Issuer Delisting; Notice of Application of Pioneer Railcorp To 
Withdraw Its Class A Common Stock, $.001 Par Value, From Listing and 
Registration on the Chicago Stock Exchange, Inc.

June 13, 2005.
    On May 18, 2005, Pioneer Railcorp, an Iowa corporation 
(``Issuer''), filed an application with the Securities and Exchange 
Commission (``Commission''), pursuant to Section 12(d) of the 
Securities Exchange Act of 1934 (``Act'') \1\ and Rule 12d2-2(d) 
thereunder,\2\ to withdraw its class A common stock, $.001 par value 
(``Security''), from listing and registration on the Chicago Stock 
Exchange, Inc. (``CHX'' or ``Exchange'').
---------------------------------------------------------------------------

    \1\ 15 U.S.C. 78l(d).
    \2\ 17 CFR 240.12d2-2(d).
---------------------------------------------------------------------------

    The Board of Directors (``Board'') of the Issuer approved a 
resolution on September 20, 2004 to withdraw the Security from listing 
and registration on CHX. The Issuer stated that the reasons for the 
Board's decision to withdraw the Security from CHX are: (1) The Issuer 
is in the process of attempting to go private and believes it will be 
successful in that endeavor; (2) upon completion of the going private 
transaction, the Issuer will no longer file periodic and other reports 
under the Act as required by the Exchange; and (3) the Security is 
currently quoted on the over-the-counter Pink Sheets and the Board 
believes the Pink Sheets will offer an adequate and efficient market 
for trading the Security.

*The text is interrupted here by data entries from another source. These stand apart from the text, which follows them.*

(* Let $1\le\tau_1<\dots<\tau_m$ be thresholds, $P,Q$ two candidates, and $Z^*$ a point of the metric space minimizing $SC$. If $P$ beats $Q$ under Weighted Majority Rule 4 and $\delta_I=SC(P)/SC(Q)>\tau_m$, then $SC(P)/SC(Z^* )\le\frac{2\delta_I}{\delta_I-\tau_m}$.
   Context: Voters $N$ and candidates are points of an arbitrary metric space $(X,d)$; $SC(Y)=\sum_{i\in N}d(i,Y)$ for $Y\in X$. Set $\tau_0=1/\tau_1$, $\tau_{m+1}=\infty$, $\delta=\max_{0\le l\le m}\frac{\tau_l\tau_{l+1}+2\tau_{l+1}-1}{\tau_l\tau_{l+1}+1}$ (the $l=m$ term meaning $(\tau_m+2)/\tau_m$), and $k\in\{1,\dots,m\}$ with $\tau_k\le\delta<\tau_{k+1}$; $\frac{\tau_{m+1}-\delta}{\tau_{m+1}-1}:=1$. Preference strength of $i$ for $P$ over $Q$ is $\alpha_i^{PQ}=d(i,Q)/d(i,P)$ when $d(i,P)\le d(i,Q)$. $A_l=\{i: d(i,P)\le d(i,Q),\ \tau_l\le\alpha_i^{PQ}<\tau_{l+1}\}$, $B_l=\{j: d(j,Q)\le d(j,P),\ \tau_l\le\alpha_j^{QP}<\tau_{l+1}\}$, $C$ the remaining voters. Weighted Majority Rule 4: for $l<k$ voters in $A_l\cup B_l$ get weight $\frac{(\delta+1)(\tau_l\tau_{l+1}-1)}{(\tau_l+1)(\tau_{l+1}+1)}$; for $l\ge k$ they get weight $\frac{\tau_{l+1}-\delta}{\tau_{l+1}-1}+\frac{\delta\tau_l-1}{\tau_l+1}$; voters in $C$ get weight $0$; $P$ beats $Q$ iff the total weight of $\bigcup_lA_l$ is at least that of $\bigcup_lB_l$. *)

From HB Require Import structures.
From mathcomp Require Import all_boot all_order all_algebra.
Set Implicit Arguments. Unset Strict Implicit. Unset Printing Implicit Defensive.
Import Order.TTheory GRing.Theory Num.Theory.
Local Open Scope ring_scope.

Section WMR4.
Variable R : realFieldType.

Definition is_metric (X : Type) (d : X -> X -> R) : Prop :=
  [/\ forall x y, 0 <= d x y,
      forall x y, d x y = 0 <-> x = y,
      forall x y, d x y = d y x &
      forall x y z, d x z <= d x y + d y z].

Definition SC (X : Type) (N : finType) (d : X -> X -> R) (pos : N -> X) (Y : X) : R :=
  \sum_(i : N) d (pos i) Y.

(* thresholds tau_1 < ... < tau_m (tau indexed by nat, only 1..m used);
   tau_0 := 1/tau_1 *)
Definition tauE (tau : nat -> R) (l : nat) : R :=
  if l == 0%N then (tau 1%N)^-1 else tau l.

Definition delta_term (tau : nat -> R) (m l : nat) : R :=
  if l == m then (tau m + 2) / tau m
  else (tauE tau l * tau l.+1 + 2 * tau l.+1 - 1) / (tauE tau l * tau l.+1 + 1).

Definition delta (tau : nat -> R) (m : nat) : R :=
  \big[Num.max/delta_term tau m m]_(l < m) delta_term tau m l.

(* weight of voters in A_l \cup B_l under Weighted Majority Rule 4 *)
Definition wmr4_weight (tau : nat -> R) (m k l : nat) : R :=
  let dl := delta tau m in
  if (l < k)%N then
    (dl + 1) * (tauE tau l * tau l.+1 - 1) / ((tauE tau l + 1) * (tau l.+1 + 1))
  else
    (if l == m then 1 else (tau l.+1 - dl) / (tau l.+1 - 1))
    + (dl * tauE tau l - 1) / (tauE tau l + 1).

(* i is in A_l (for candidates P over Q): d(i,P) <= d(i,Q) and
   tau_l <= alpha_i^{PQ} < tau_{l+1}, with alpha = d(i,Q)/d(i,P)
   (alpha = +infinity when d(i,P) = 0) and tau_{m+1} = +infinity;
   written in cross-multiplied form to handle d(i,P) = 0. *)
Definition in_band (X : Type) (d : X -> X -> R) (x P Q : X)
    (tau : nat -> R) (m l : nat) : bool :=
  [&& d x P <= d x Q,
      tauE tau l * d x P <= d x Q &
      (l < m)%N ==> (d x Q < tau l.+1 * d x P)].

Definition wmr4_score (X : Type) (N : finType) (d : X -> X -> R) (pos : N -> X)
    (P Q : X) (tau : nat -> R) (m k : nat) : R :=
  \sum_(i : N) \sum_(l < m.+1)
     (if in_band d (pos i) P Q tau m l then wmr4_weight tau m k l else 0).

Definition wmr4_beats (X : Type) (N : finType) (d : X -> X -> R) (pos : N -> X)
    (P Q : X) (tau : nat -> R) (m k : nat) : Prop :=
  wmr4_score d pos Q P tau m k <= wmr4_score d pos P Q tau m k.

End WMR4.

From HB Require Import structures.
From mathcomp Require Import all_boot all_order all_algebra.
From mathcomp Require Import ring lra.
Import Order.TTheory GRing.Theory Num.Theory.
Set Implicit Arguments. Unset Strict Implicit. Unset Printing Implicit Defensive.
Local Open Scope ring_scope.

(* Distortion bound for Weighted Majority Rule 4.
   Write p, q, z for the social costs of P, Q and an arbitrary point Z.
   The proof shows  p - tau_m * q <= 2 z  for EVERY point Z, from which the ratio bound is pure algebra.
   1. Weights: every band weight lies in [0, W_m], and the weight W_m of the
      top band is positive.  Since the bands of a voter are disjoint, the
      WMR4 score a voter gives P is at most W_m [d(i,P) <= d(i,Q)], and the
      score it gives Q is at least W_m [tau_m d(i,Q) <= d(i,P)].  Hence if P
      beats Q, fewer voters strongly prefer Q than weakly prefer P.
   2. Metric: with E = d(Z,P) - d(Z,Q), each voter satisfies
      d(i,P) - tau_m d(i,Q) - 2 d(i,Z) <= E, and, when E >= 0, also
      <= E * ([strongly prefers Q] - [weakly prefers P]).  Summing and using
      the count from step 1 gives  p - tau_m q <= 2 z. *)

Definition indic (R : realFieldType) (b : bool) : R := if b then 1 else 0.
Arguments indic {R}.

Lemma ler_pdiv_cross (R : realFieldType) (a b c e : R) :
  0 < b -> 0 < e -> a * e <= c * b -> a / b <= c / e.
Proof. by move=> b_gt0 e_gt0 h; rewrite ler_pdivrMr // mulrAC ler_pdivlMr. Qed.

Lemma low_weight_bounds (R : realFieldType) (D a b t : R) :
  1 <= D -> 0 <= a -> 0 <= b -> 1 <= a * b -> b <= t ->
  0 <= (D + 1) * (a * b - 1) / ((a + 1) * (b + 1)) <= (D + 1) * t / (t + 1).
Proof.
move=> D_ge1 a_ge0 b_ge0 ab_ge1 b_le_t; apply/andP; split.
  by apply: divr_ge0; [apply: mulr_ge0|apply: mulr_ge0]; lra.
apply: ler_pdiv_cross; [apply: mulr_gt0| |]; try lra.
have ab_le : a * b <= a * t by apply: ler_wpM2l.
have num_le : (a * b - 1) * (t + 1) <= t * ((a + 1) * (b + 1)) by nra.
have := ler_wpM2l (_ : 0 <= D + 1) num_le; rewrite !mulrA; lra.
Qed.

(* Bounds for the weight (b-D)/(b-1) + (Da-1)/(a+1) of a band at or above the
   critical index: again between 0 and (D+1)t/(t+1), because the first
   summand is at most 1 and x |-> (Dx-1)/(x+1) is nondecreasing. *)
Lemma high_weight_bounds (R : realFieldType) (D a b t : R) :
  1 <= D -> D < b -> 1 <= a -> a <= t ->
  0 <= (b - D) / (b - 1) + (D * a - 1) / (a + 1) <= (D + 1) * t / (t + 1).
Proof.
move=> D_ge1 D_lt_b a_ge1 a_le_t; apply/andP; split.
  by apply: addr_ge0; apply: divr_ge0; nra.
have -> : (D + 1) * t / (t + 1) = 1 / 1 + (D * t - 1) / (t + 1) by field; lra.
by apply: lerD; apply: ler_pdiv_cross; nra.
Qed.

Section Thresholds.
Variables (R : realFieldType) (m : nat) (tau : nat -> R).
Hypotheses (tau1_ge1 : 1 <= tau 1%N)
  (tau_incr : forall l, (1 <= l)%N -> (l < m)%N -> tau l < tau l.+1).

Lemma tau_mono i j : (1 <= i)%N -> (i <= j)%N -> (j <= m)%N -> tau i <= tau j.
Proof.
move=> i_ge1 /subnK <-; elim: (j - i)%N => [|n IHn] n_le; first exact: lexx.
rewrite addSn in n_le *.
have ni_ge1 : (1 <= n + i)%N by rewrite (leq_trans i_ge1) ?leq_addl.
exact: le_trans (IHn (ltnW n_le)) (ltW (tau_incr ni_ge1 n_le)).
Qed.

Lemma tau_ge1 l : (1 <= l)%N -> (l <= m)%N -> 1 <= tau l.
Proof. by move=> l_ge1 l_le; apply: le_trans tau1_ge1 (tau_mono (leqnn 1) l_ge1 l_le). Qed.

Lemma tauE_pos l : (0 < l)%N -> tauE tau l = tau l.
Proof. by case: l. Qed.

Lemma tauE_ge0 l : (l <= m)%N -> 0 <= tauE tau l.
Proof.
case: l => [|l] l_le; last by have := tau_ge1 (ltn0Sn l) l_le; rewrite tauE_pos //; lra.
by rewrite /tauE /= invr_ge0 (le_trans ler01 tau1_ge1).
Qed.

Lemma tauE_mul_ge1 l : (l < m)%N -> 1 <= tauE tau l * tau l.+1.
Proof.
have t1_gt0 : tau 1%N != 0 by rewrite gt_eqF //; have := tau1_ge1; lra.
case: l => [|l] l_lt; first by rewrite /tauE /= mulVf.
have := tau_ge1 (ltn0Sn l) (ltnW l_lt); have := tau_ge1 (ltn0Sn l.+1) l_lt.
by rewrite tauE_pos //; nra.
Qed.

Lemma in_band_disjoint (X : Type) (d : X -> X -> R) (x P Q : X) (l l' : nat) :
  (l < l')%N -> (l' <= m)%N -> 0 <= d x P ->
  in_band d x P Q tau m l -> in_band d x P Q tau m l' -> False.
Proof.
move=> l_lt l'_le dP_ge0 /and3P [_ _ upper] /and3P [_ lower _].
have lt_m : (l < m)%N by apply: leq_trans l'_le.
have := implyP upper lt_m; move: lower; rewrite tauE_pos; last exact: leq_ltn_trans l_lt.
have := ler_wpM2r dP_ge0 (tau_mono (ltn0Sn l) l_lt l'_le); lra.
Qed.

Lemma in_top_band (X : Type) (d : X -> X -> R) (x P Q : X) :
  (1 <= m)%N -> 0 <= d x P -> tau m * d x P <= d x Q -> in_band d x P Q tau m m.
Proof.
move=> m_ge1 dP_ge0 strong; have := ler_wpM2r dP_ge0 (tau_ge1 m_ge1 (leqnn m)).
by rewrite /in_band tauE_pos // ltnn strong mul1r => /le_trans ->.
Qed.

End Thresholds.

Section Weights.
Variables (R : realFieldType) (m : nat) (tau : nat -> R) (k : nat).
Hypotheses (m_ge1 : (1 <= m)%N) (tau1_ge1 : 1 <= tau 1%N)
  (tau_incr : forall l, (1 <= l)%N -> (l < m)%N -> tau l < tau l.+1)
  (k_ge1 : (1 <= k)%N) (k_le_m : (k <= m)%N)
  (tau_k_le : tau k <= delta tau m)
  (tau_k1_gt : (k < m)%N -> delta tau m < tau k.+1).

Let D := delta tau m.
Let W := wmr4_weight tau m k.
Let tau_m_ge1 : 1 <= tau m := tau_ge1 tau1_ge1 tau_incr m_ge1 (leqnn m).

Lemma delta_ge1 : 1 <= D.
Proof. exact: le_trans (tau_ge1 tau1_ge1 tau_incr k_ge1 k_le_m) tau_k_le. Qed.

Lemma top_weight_eq : W m = (D + 1) * tau m / (tau m + 1).
Proof.
rewrite /W /wmr4_weight ltnNge k_le_m /= eqxx tauE_pos // -/D.
by field; have := tau_m_ge1; lra.
Qed.

Lemma top_weight_gt0 : 0 < W m.
Proof.
have := delta_ge1; have := tau_m_ge1; rewrite top_weight_eq => tm_ge1 D_ge1.
by apply: divr_gt0; [apply: mulr_gt0|]; lra.
Qed.
Lemma weight_bounds l : (l <= m)%N -> 0 <= W l <= W m.
Proof.
move=> l_le; have D_ge1 := delta_ge1.
have [-> | l_ne_m] := eqVneq l m; first by rewrite lexx andbT (ltW top_weight_gt0).
have l_lt_m : (l < m)%N by rewrite ltn_neqAle l_ne_m.
rewrite top_weight_eq /W /wmr4_weight -/D (negbTE l_ne_m).
case: ltnP => [l_lt_k|k_le_l].
  apply: low_weight_bounds D_ge1 (tauE_ge0 tau1_ge1 tau_incr (ltnW l_lt_m)) _
    (tauE_mul_ge1 tau1_ge1 tau_incr l_lt_m)
    (tau_mono tau_incr (ltn0Sn l) l_lt_m (leqnn m)).
  exact: le_trans ler01 (tau_ge1 tau1_ge1 tau_incr (ltn0Sn l) l_lt_m).
have l_gt0 : (0 < l)%N := leq_trans k_ge1 k_le_l.
rewrite tauE_pos //; apply: high_weight_bounds => //.
- apply: lt_le_trans (tau_k1_gt (leq_ltn_trans k_le_l l_lt_m)) _.
  by apply: (tau_mono tau_incr (ltn0Sn k) _ l_lt_m); rewrite ltnS.
- exact: (tau_ge1 tau1_ge1 tau_incr l_gt0 l_le).
- exact: (tau_mono tau_incr l_gt0 l_le (leqnn m)).
Qed.

Variables (X : Type) (d : X -> X -> R).
Hypothesis d_ge0 : forall x y, 0 <= d x y.

Definition voter_score (x P Q : X) : R :=
  \sum_(l < m.+1) (if in_band d x P Q tau m l then W l else 0).

Lemma voter_score_le x P Q : voter_score x P Q <= W m * indic (d x P <= d x Q).
Proof.
rewrite /voter_score /indic; case: ifP => [_|weak]; last first.
  by rewrite mulr0 big1 // => l _; rewrite /in_band weak.
rewrite mulr1; case: (pickP (fun l : 'I_m.+1 => in_band d x P Q tau m l)).
  move=> l0 band0; rewrite (bigD1 l0) //= band0 big1 ?addr0.
    by case/andP: (weight_bounds (ltn_ord l0)).
  move=> l l_ne; case: ifP => // band; exfalso.
  case: (ltngtP l l0) => [lt|gt|/val_inj eq]; last by rewrite eq eqxx in l_ne.
  - exact: (in_band_disjoint tau_incr lt (ltn_ord l0) (d_ge0 _ _) band band0).
  - exact: (in_band_disjoint tau_incr gt (ltn_ord l) (d_ge0 _ _) band0 band).
move=> none; rewrite big1 ?(ltW top_weight_gt0) // => l _.
by rewrite none.
Qed.

Lemma voter_score_ge x P Q :
  W m * indic (tau m * d x Q <= d x P) <= voter_score x Q P.
Proof.
have terms_ge0 (l : 'I_m.+1) : 0 <= if in_band d x Q P tau m l then W l else 0.
  by case: ifP => // _; case/andP: (weight_bounds (ltn_ord l)).
rewrite /indic; case: ifP => [strong|_]; last by rewrite mulr0 sumr_ge0.
rewrite mulr1 /voter_score (bigD1 ord_max) //=.
rewrite (in_top_band tau1_ge1 tau_incr m_ge1 (d_ge0 _ _) strong) lerDl.
exact: sumr_ge0.
Qed.

Lemma majority_count (N : finType) (pos : N -> X) (P Q : X) :
  wmr4_beats d pos P Q tau m k ->
  \sum_i indic (tau m * d (pos i) Q <= d (pos i) P)
    <= \sum_i indic (d (pos i) P <= d (pos i) Q) :> R.
Proof.
move=> beats; rewrite -(ler_pM2l top_weight_gt0) !mulr_sumr.
apply: le_trans (ler_sum _ (fun i _ => voter_score_ge (pos i) P Q)) _.
apply: le_trans beats _.
exact: ler_sum (fun i _ => voter_score_le (pos i) P Q).
Qed.

End Weights.

Section Pseudometric.
Variables (R : realFieldType) (X : Type) (d : X -> X -> R) (t : R).
Hypotheses (d_ge0 : forall x y, 0 <= d x y) (d_sym : forall x y, d x y = d y x)
  (d_tri : forall x y z, d x z <= d x y + d y z) (t_ge1 : 1 <= t).

Lemma voter_excess_le_gap (Z x P Q : X) :
  d x P - t * d x Q - 2 * d x Z <= d Z P - d Z Q.
Proof.
have := d_tri x Z P; have := d_tri Z x Q; rewrite (d_sym Z x).
have := ler_wpM2r (d_ge0 x Q) t_ge1; have := d_ge0 x Z; lra.
Qed.

Lemma voter_excess_le_vote (Z x P Q : X) : d Z Q <= d Z P ->
  d x P - t * d x Q - 2 * d x Z
    <= (d Z P - d Z Q) * (indic (t * d x Q <= d x P) - indic (d x P <= d x Q)).
Proof.
move=> gap_ge0; have gap := voter_excess_le_gap Z x P Q.
have dQ_le := ler_wpM2r (d_ge0 x Q) t_ge1; rewrite mul1r in dQ_le.
have := d_tri Z x P; have := d_tri x Z Q; rewrite (d_sym Z x).
have := d_ge0 x Z; rewrite /indic.
case: (lerP (d x P) (d x Q)); case: (lerP (t * d x Q) (d x P)); lra.
Qed.

Lemma social_cost_excess (N : finType) (pos : N -> X) (P Q Z : X) :
  \sum_i indic (t * d (pos i) Q <= d (pos i) P)
    <= \sum_i indic (d (pos i) P <= d (pos i) Q) :> R ->
  SC d pos P - t * SC d pos Q <= 2 * SC d pos Z.
Proof.
move=> count; rewrite /SC !mulr_sumr -subr_ge0 -!sumrB -oppr_le0 -sumrN.
case: (ltrP (d Z P) (d Z Q)) => [gap_lt0|gap_ge0].
  by apply: sumr_le0 => i _; have := voter_excess_le_gap Z (pos i) P Q; lra.
apply: le_trans (_ : \sum_i (d Z P - d Z Q) * (indic (t * d (pos i) Q <= d (pos i) P)
    - indic (d (pos i) P <= d (pos i) Q)) <= 0).
  by apply: ler_sum => i _; have := voter_excess_le_vote (pos i) gap_ge0; lra.
by rewrite -mulr_sumr sumrB mulr_ge0_le0 // ?subr_ge0 // subr_le0.
Qed.

End Pseudometric.

Lemma ratio_bound (R : realFieldType) (p q z t : R) :
  0 <= t -> 0 <= q -> 0 <= z -> t < p / q -> p - t * q <= 2 * z ->
  p / z <= 2 * (p / q) / (p / q - t).
Proof.
move=> t_ge0 q_ge0 z_ge0 t_lt excess.
have q_gt0 : 0 < q.
  rewrite lt_neqAle q_ge0 andbT; apply: contraTneq t_lt => <-.
  by rewrite invr0 mulr0 -leNgt.
have tq_lt_p : t * q < p by rewrite -ltr_pdivlMr.
have tq_ge0 : 0 <= t * q by apply: mulr_ge0.
have -> : 2 * (p / q) / (p / q - t) = 2 * p / (p - t * q).
  by field; rewrite !gt_eqF // subr_gt0.
have [-> | z_ne0] := eqVneq z 0.
  by rewrite invr0 mulr0 divr_ge0 //; lra.
have z_gt0 : 0 < z by rewrite lt_neqAle eq_sym z_ne0.
apply: ler_pdiv_cross => //; first lra.
nra.
Qed.

Theorem mainTheorem19 (R : realFieldType) (X : Type) (d : X -> X -> R)
    (N : finType) (pos : N -> X)
    (m : nat) (tau : nat -> R) (k : nat) (P Q Zs : X) :
  is_metric d ->
  (1 <= m)%N ->
  1 <= tau 1%N ->
  (forall l, (1 <= l)%N -> (l < m)%N -> tau l < tau l.+1) ->
  (1 <= k)%N -> (k <= m)%N ->
  tau k <= delta tau m ->
  ((k < m)%N -> delta tau m < tau k.+1) ->
  (forall Y : X, SC d pos Zs <= SC d pos Y) ->
  wmr4_beats d pos P Q tau m k ->
  tau m < SC d pos P / SC d pos Q ->
  SC d pos P / SC d pos Zs
    <= 2 * (SC d pos P / SC d pos Q) / (SC d pos P / SC d pos Q - tau m).
Proof.
move=> [d_ge0 _ d_sym d_tri] m_ge1 tau1_ge1 tau_incr k_ge1 k_le_m
  tau_k_le tau_k1_gt _ beats ratio_gt.
have tau_m_ge1 := tau_ge1 tau1_ge1 tau_incr m_ge1 (leqnn m).
have SC_ge0 Y : 0 <= SC d pos Y by apply: sumr_ge0 => i _.
apply: ratio_bound (SC_ge0 Q) (SC_ge0 Zs) ratio_gt _; first lra.
apply: (social_cost_excess d_ge0 d_sym d_tri tau_m_ge1).
exact: (majority_count m_ge1 tau1_ge1 tau_incr k_ge1 k_le_m tau_k_le tau_k1_gt
  d_ge0 beats).
Qed.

In addition, as a result of low trading 
volume, the Issuer no longer has a market maker for its Security on the 
Exchange and is traded in ``Cabinet.''
    The Issuer stated in its application that it has complied with 
applicable rules of CHX, by providing CHX with the required documents 
governing the removal of securities from listing and registration on 
CHX. The Issuer's application relates solely to the withdrawal of the 
Security from listing on CHX and from registration under Section 12(b) 
of the Act,\3\ and shall not affect its obligation to be registered 
under Section 12(g) of the Act.\4\
---------------------------------------------------------------------------

    \3\ 15 U.S.C. 78l(b).
    \4\ 15 U.S.C. 78l(g).
---------------------------------------------------------------------------

    Any interested person may, on or before July 6, 2005, comment on 
the facts bearing upon whether the application has been made in 
accordance with the rules of CHX, and what terms, if any, should be 
imposed

[[Page 35466]]

by the Commission for the protection of investors. All comment letters 
may be submitted by either of the following methods:

Electronic Comments

     Use the Commission's Internet comment form (https://
www.sec.gov/rules/delist.shtml); or
     Send an e-mail to rule-comments@sec.gov. Please include 
the File Number 1-12072 or;

Paper Comments

     Send paper comments in triplicate to Jonathan G. Katz, 
Secretary, Securities and Exchange Commission, Station Place, 100 F 
Street, NE., Washington, DC 20549-9303.
    All submissions should refer to File Number 1-12072. This file 
number should be included on the subject line if e-mail is used. To 
help us process and review your comments more efficiently, please use 
only one method. The Commission will post all comments on the 
Commission's Internet Web site (https://www.sec.gov/rules/delist.shtml). 
Comments are also available for public inspection and copying in the 
Commission's Public Reference Room. All comments received will be 
posted without change; we do not edit personal identifying information 
from submissions. You should submit only information that you wish to 
make available publicly.
    The Commission, based on the information submitted to it, will 
issue an order granting the application after the date mentioned above, 
unless the Commission determines to order a hearing on the matter.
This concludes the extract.